> **Required work**
Output the data below line for line, exactly, up to and including the line where "forall n : nat, b n = RtoC 0." appears.

++++++++

Definition SequenceHypothesis : Prop :=
  forall b : nat -> C,
    (exists l : nat, (1 <= l)%nat /\ forall n : nat, Cmult (b n) (b (n + l)%nat) = RtoC 0) ->
    filterlim (binom_transform b) eventually (locally (RtoC 0)) ->
    forall n : nat, b n = RtoC 0.

(* Represent x and y on polynomials in t by x = t and y = i theta d/dt.  If D is the
   highest band of P carrying a nonzero coefficient a_{q+D,q}, the coefficient F(M) of
   t^(M+D) in P t^M is multiplicative: F(N+D) F(N) is the corresponding quantity for
   the band 2D of P^2 = P, which is zero when D > 0.  The binomial transform of F is
   q! (i theta)^q a_{q+D,q}, up to a factor >= 1 a term of the convergent series giving
   the coefficient a_{D,0} of P^*, so it tends to 0; the assumed statement forces F = 0,
   hence the band vanishes.  Descending, and doing the same for the image of P under the
   anti-automorphism exchanging x and y, only the diagonal is left.  There F^2 = F, so F
   is {0,1}-valued; its binomial transform is then integer-valued and tends to 0, hence
   finitely supported, so F is a bounded polynomial in N, hence constant. *)

From Stdlib Require Import Reals Arith Lia Lra FunctionalExtensionality.
From Coquelicot Require Import Coquelicot.
Open Scope R_scope.
Open Scope C_scope.

Local Notation natC n := (RtoC (INR n)).

Lemma binom_small n k : (n < k)%nat -> binom n k = 0%nat.
Proof.
  revert k; induction n; intros [|k] Hk; cbn; try lia.
  rewrite !IHn by lia; reflexivity.
Qed.

Lemma binom_n_0 n : binom n 0 = 1%nat.
Proof. now destruct n. Qed.

Lemma binom_n_1 n : binom n 1 = n.
Proof. induction n; cbn; rewrite ?IHn, ?binom_n_0; lia. Qed.

Lemma binom_n_n n : binom n n = 1%nat.
Proof. induction n; cbn; rewrite ?IHn, ?binom_small; lia. Qed.

Lemma binom_pos n k : (k <= n)%nat -> (1 <= binom n k)%nat.
Proof.
  revert k; induction n; intros [|k] Hk; cbn; try lia.
  specialize (IHn k ltac:(lia)); lia.
Qed.

Lemma binom_succ n k :
  binom (S n) k = (binom n k + match k with O => O | S k' => binom n k' end)%nat.
Proof. destruct k; cbn; rewrite ?binom_n_0; lia. Qed.

Lemma binom_mult_sub n k : (binom n k * (n - k))%nat = (binom n (S k) * S k)%nat.
Proof.
  revert k; induction n; intros k; [destruct k; cbn; lia|].
  destruct k as [|k]; [rewrite binom_n_1, binom_n_0; lia|].
  destruct (le_lt_dec (S k) n).
  - cbn [binom]. pose proof (IHn k); pose proof (IHn (S k)).
    replace (S n - S k)%nat with (S (n - S k)) by lia.
    replace (n - k)%nat with (S (n - S k)) in * by lia. nia.
  - rewrite (binom_small (S n) (S (S k))) by lia.
    replace (S n - S k)%nat with 0%nat by lia. lia.
Qed.

Fixpoint ffact (n k : nat) : nat :=
  match k with O => 1%nat | S k' => (ffact n k' * (n - k'))%nat end.

Lemma ffact_small n k : (n < k)%nat -> ffact n k = 0%nat.
Proof.
  induction k; intros Hk; [lia|cbn].
  destruct (Nat.eq_dec k n) as [->|]; [rewrite Nat.sub_diag|rewrite IHk by lia]; lia.
Qed.

Lemma ffact_fact n k : ffact n k = (fact k * binom n k)%nat.
Proof.
  induction k; cbn [ffact]; [rewrite binom_n_0; reflexivity|].
  rewrite IHk, <- Nat.mul_assoc, binom_mult_sub. cbn [fact]. lia.
Qed.

Lemma natC_plus m n : natC (m + n) = natC m + natC n.
Proof. now rewrite plus_INR, RtoC_plus. Qed.

Lemma natC_mult m n : natC (m * n) = natC m * natC n.
Proof. now rewrite mult_INR, RtoC_mult. Qed.

Lemma Cmod_natC n : Cmod (natC n) = INR n.
Proof. rewrite Cmod_R. apply Rabs_pos_eq, pos_INR. Qed.

Lemma cpow_add z m n : cpow z (m + n) = cpow z m * cpow z n.
Proof. induction m; cbn; [ring|rewrite IHm; ring]. Qed.

Lemma Cmod_cpow z n : Cmod (cpow z n) = (Cmod z ^ n)%R.
Proof. induction n; cbn; [apply Cmod_1|now rewrite Cmod_mult, IHn]. Qed.

Lemma Cmod_itheta th : 0 < th -> Cmod (itheta th) = th.
Proof. intros Hth. unfold itheta. rewrite Cmod_mult, Cmod_Ci, Cmod_R, Rabs_pos_eq; lra. Qed.

Lemma csum_ext (f g : nat -> C) n :
  (forall i, (i <= n)%nat -> f i = g i) -> csum f n = csum g n.
Proof.
  induction n; intros H; cbn; [apply H; lia|].
  rewrite IHn, H; auto.
Qed.

Lemma csum_zero (f : nat -> C) n : (forall i, (i <= n)%nat -> f i = 0) -> csum f n = 0.
Proof.
  induction n; intros H; cbn [csum]; [apply H; lia|].
  rewrite IHn, H by auto. ring.
Qed.

Lemma csum_plus (f g : nat -> C) n : csum (fun i => f i + g i) n = csum f n + csum g n.
Proof. induction n; cbn [csum]; [|rewrite IHn]; ring. Qed.

Lemma csum_mult_l (c : C) (f : nat -> C) n : c * csum f n = csum (fun i => c * f i) n.
Proof. induction n; cbn [csum]; [|rewrite <- IHn]; ring. Qed.

Lemma csum_mult_r (c : C) (f : nat -> C) n : csum f n * c = csum (fun i => f i * c) n.
Proof. induction n; cbn [csum]; [|rewrite <- IHn]; ring. Qed.

Lemma csum_mult_csum (f g : nat -> C) m n :
  csum f m * csum g n = csum (fun i => csum (fun j => f i * g j) n) m.
Proof.
  rewrite csum_mult_r. apply csum_ext. intros i _. apply csum_mult_l.
Qed.

Lemma csum_swap (f : nat -> nat -> C) m n :
  csum (fun i => csum (fun j => f i j) n) m = csum (fun j => csum (fun i => f i j) m) n.
Proof. induction m; cbn [csum]; [|rewrite IHm, <- csum_plus]; reflexivity. Qed.

Lemma csum_first (f : nat -> C) n : csum f (S n) = f 0%nat + csum (fun i => f (S i)) n.
Proof. induction n; [reflexivity|]. cbn [csum] in *. rewrite IHn. ring. Qed.

Lemma csum_extend (f : nat -> C) m n :
  (m <= n)%nat -> (forall i, (m < i <= n)%nat -> f i = 0) -> csum f n = csum f m.
Proof.
  induction n; intros Hmn H; [now replace m with 0%nat by lia|].
  destruct (Nat.eq_dec m (S n)) as [->|]; [reflexivity|].
  cbn [csum]. rewrite IHn, H by (lia || intros; apply H; lia). ring.
Qed.

Lemma csum_bounds (f : nat -> C) m n :
  (forall i, (Nat.min m n < i <= Nat.max m n)%nat -> f i = 0) -> csum f m = csum f n.
Proof.
  intros H. destruct (le_lt_dec m n).
  - symmetry. apply csum_extend; [lia|intros; apply H; lia].
  - apply csum_extend; [lia|intros; apply H; lia].
Qed.

Lemma csum_single (f : nat -> C) i0 n :
  (forall i, i <> i0 -> f i = 0) -> csum f n = if (i0 <=? n)%nat then f i0 else 0.
Proof.
  intros H. induction n; cbn [csum].
  - destruct i0; [reflexivity|apply H; lia].
  - rewrite IHn. destruct (Nat.eq_dec i0 (S n)) as [->|Hn].
    + rewrite Nat.leb_refl, (proj2 (Nat.leb_gt (S n) n)) by lia. ring.
    + rewrite (H (S n)) by lia.
      destruct (Nat.leb_spec i0 n), (Nat.leb_spec i0 (S n)); try lia; ring.
Qed.

Lemma csum_triangle (f : nat -> nat -> C) n :
  csum (fun i => csum (fun j => f i j) i) n =
  csum (fun j => csum (fun i => if (j <=? i)%nat then f i j else 0) n) n.
Proof.
  rewrite <- csum_swap. apply csum_ext. intros i Hi.
  rewrite (csum_extend _ i n Hi).
  - apply csum_ext. intros j Hj. now rewrite (proj2 (Nat.leb_le j i)).
  - intros j Hj. now rewrite (proj2 (Nat.leb_gt j i)) by lia.
Qed.

Lemma csum_shift (f : nat -> C) s n :
  (forall i, (i < s)%nat -> f i = 0) -> csum f (s + n) = csum (fun i => f (i + s)%nat) n.
Proof.
  intros H. induction n.
  - rewrite Nat.add_0_r. destruct s; [reflexivity|].
    cbn [csum Nat.add]. rewrite csum_zero by (intros; apply H; lia). ring.
  - rewrite Nat.add_succ_r. cbn [csum]. rewrite IHn.
    now replace (S n + s)%nat with (S (s + n)) by lia.
Qed.

Lemma ffact_normal_order_step N D s q j : (j <= q)%nat ->
  (fact j * binom q j * binom (s + D) j * ffact N (q + s - j) * (N + D - q))%nat =
  (fact j * binom q j * binom (s + D) j * ffact N (S q + s - j) +
   fact (S j) * binom q j * binom (s + D) (S j) * ffact N (q + s - j))%nat.
Proof.
  intros Hj.
  replace (S q + s - j)%nat with (S (q + s - j)) by lia. cbn [ffact fact].
  set (m := (q + s - j)%nat).
  destruct (le_lt_dec m N) as [Hm|Hm]; [|rewrite (ffact_small N m Hm); lia].
  destruct (le_lt_dec j (s + D)) as [Hl|Hl];
    [|rewrite (binom_small (s + D) j), (binom_small (s + D) (S j)) by lia; lia].
  replace (N + D - q)%nat with ((N - m) + (s + D - j))%nat by lia.
  pose proof (binom_mult_sub (s + D) j) as Habs.
  transitivity (fact j * binom q j * ffact N m * (binom (s + D) j * (N - m)) +
                fact j * binom q j * ffact N m * (binom (s + D) j * (s + D - j)))%nat; [ring|].
  rewrite Habs. ring.
Qed.

(* The normal-ordering formula behind [reorder], with [y^q x^(s+D) y^s] applied
   to [t^N] in the representation [x = t], [y = d/dt]. *)
Lemma ffact_normal_order N D s q :
  natC (ffact N s * ffact (N + D) q) =
  csum (fun j => natC (fact j * binom q j * binom (s + D) j * ffact N (q + s - j))) q.
Proof.
  induction q.
  - cbn [csum ffact]. rewrite !binom_n_0, Nat.add_0_l, Nat.sub_0_r. cbn [fact].
    do 2 f_equal. lia.
  - cbn [ffact]. rewrite Nat.mul_assoc, natC_mult, IHq, csum_mult_r.
    rewrite (csum_ext _ (fun j =>
        natC (fact j * binom q j * binom (s + D) j * ffact N (S q + s - j)) +
        natC (fact (S j) * binom q j * binom (s + D) (S j) * ffact N (q + s - j)))).
    2: intros j Hj; now rewrite <- natC_mult, <- natC_plus, ffact_normal_order_step.
    rewrite csum_plus.
    rewrite (csum_ext (fun j => natC (fact j * binom (S q) j * _ * _)) (fun j =>
        natC (fact j * binom q j * binom (s + D) j * ffact N (S q + s - j)) +
        natC (fact j * match j with O => O | S k => binom q k end * binom (s + D) j *
              ffact N (S q + s - j)))).
    2: intros j _; rewrite <- natC_plus, binom_succ; f_equal; f_equal; lia.
    rewrite csum_plus. f_equal.
    + symmetry. apply csum_extend; [lia|]. intros j Hj.
      now rewrite (binom_small q j), Nat.mul_0_r, !Nat.mul_0_l by lia.
    + rewrite csum_first, Nat.mul_0_r, !Nat.mul_0_l, Cplus_0_l.
      apply csum_ext. intros j _. now replace (S q + s - S j)%nat with (q + s - j)%nat by lia.
Qed.

Lemma reorder_sym th q r j : reorder th q r j = reorder th r q j.
Proof. unfold reorder. do 3 f_equal. lia. Qed.

Lemma reorder_small th q r j : (r < j)%nat -> reorder th q r j = 0.
Proof. intros H. unfold reorder. rewrite (binom_small r j H), Nat.mul_0_r. cbn. ring. Qed.

(* In the representation [x = t], [y = i theta d/dt] one has
   [x^(q+D) y^q t^M = (i theta)^q ffact M q t^(M+D)], so [band_symbol th u M] is the
   coefficient of [t^(M+D)] in [sum_q u q x^(q+D) y^q] applied to [t^M]. *)
Definition band_symbol (th : R) (u : nat -> C) (M : nat) : C :=
  csum (fun q => u q * cpow (itheta th) q * natC (ffact M q)) M.

(* The coefficient of [x^(n+2D) y^n] in the product of [sum_q u q x^(q+D) y^q] and
   [sum_q v q x^(q+D) y^q]. *)
Definition band_product (th : R) (u v : nat -> C) (D n : nat) : C :=
  csum (fun j => csum (fun s =>
    u (n - s + j)%nat * v s * reorder th (n - s + j) (s + D) j) n) (n + D).

Section BandSymbolMult.
Variables (th : R) (u v : nat -> C) (D : nat).

Let lhs_term N s q j := u q * v s * cpow (itheta th) q * cpow (itheta th) s *
  natC (fact j * binom q j * binom (s + D) j * ffact N (q + s - j)).

Let rhs_term N n j s := u (n - s + j)%nat * v s * reorder th (n - s + j) (s + D) j *
  cpow (itheta th) n * natC (ffact N n).

Lemma band_symbol_mult_expand N : band_symbol th u (N + D) * band_symbol th v N =
  csum (fun s => csum (fun j => csum (fun q => lhs_term N s q j) (N + D)) (N + D)) N.
Proof.
  unfold band_symbol. rewrite csum_mult_csum, csum_swap. apply csum_ext. intros s Hs.
  rewrite (csum_swap (fun j q => lhs_term N s q j)). apply csum_ext. intros q Hq.
  rewrite (csum_extend _ q (N + D)) by (try lia; intros j Hj; unfold lhs_term;
    rewrite (binom_small q j), Nat.mul_0_r, !Nat.mul_0_l by lia; cbn; ring).
  unfold lhs_term. rewrite <- csum_mult_l, <- ffact_normal_order, natC_mult. ring.
Qed.

Lemma band_symbol_band_product_expand N :
  band_symbol th (band_product th u v D) N =
  csum (fun s => csum (fun j =>
    csum (fun n => if (s <=? n)%nat then rhs_term N n j s else 0) N) (N + D)) N.
Proof.
  unfold band_symbol, band_product.
  rewrite (csum_ext _ (fun n => csum (fun s => csum (fun j => rhs_term N n j s) (N + D)) n)).
  2:{ intros n Hn. rewrite !csum_mult_r, <- (csum_extend _ (n + D) (N + D)).
      - rewrite csum_swap. apply csum_ext. intros s _. rewrite !csum_mult_r.
        apply csum_ext. intros j _. unfold rhs_term. ring.
      - lia.
      - intros j Hj. rewrite csum_zero; [ring|]. intros s Hs. rewrite reorder_small by lia. ring. }
  rewrite csum_triangle. apply csum_ext. intros s _.
  rewrite <- csum_swap. apply csum_ext. intros n _.
  destruct (s <=? n)%nat; [reflexivity|]. symmetry. now apply csum_zero.
Qed.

++++++++

> **Response to the exercise**
Definition SequenceHypothesis : Prop :=
  forall b : nat -> C,
    (exists l : nat, (1 <= l)%nat /\ forall n : nat, Cmult (b n) (b (n + l)%nat) = RtoC 0) ->
    filterlim (binom_transform b) eventually (locally (RtoC 0)) ->
    forall n : nat, b n = RtoC 0.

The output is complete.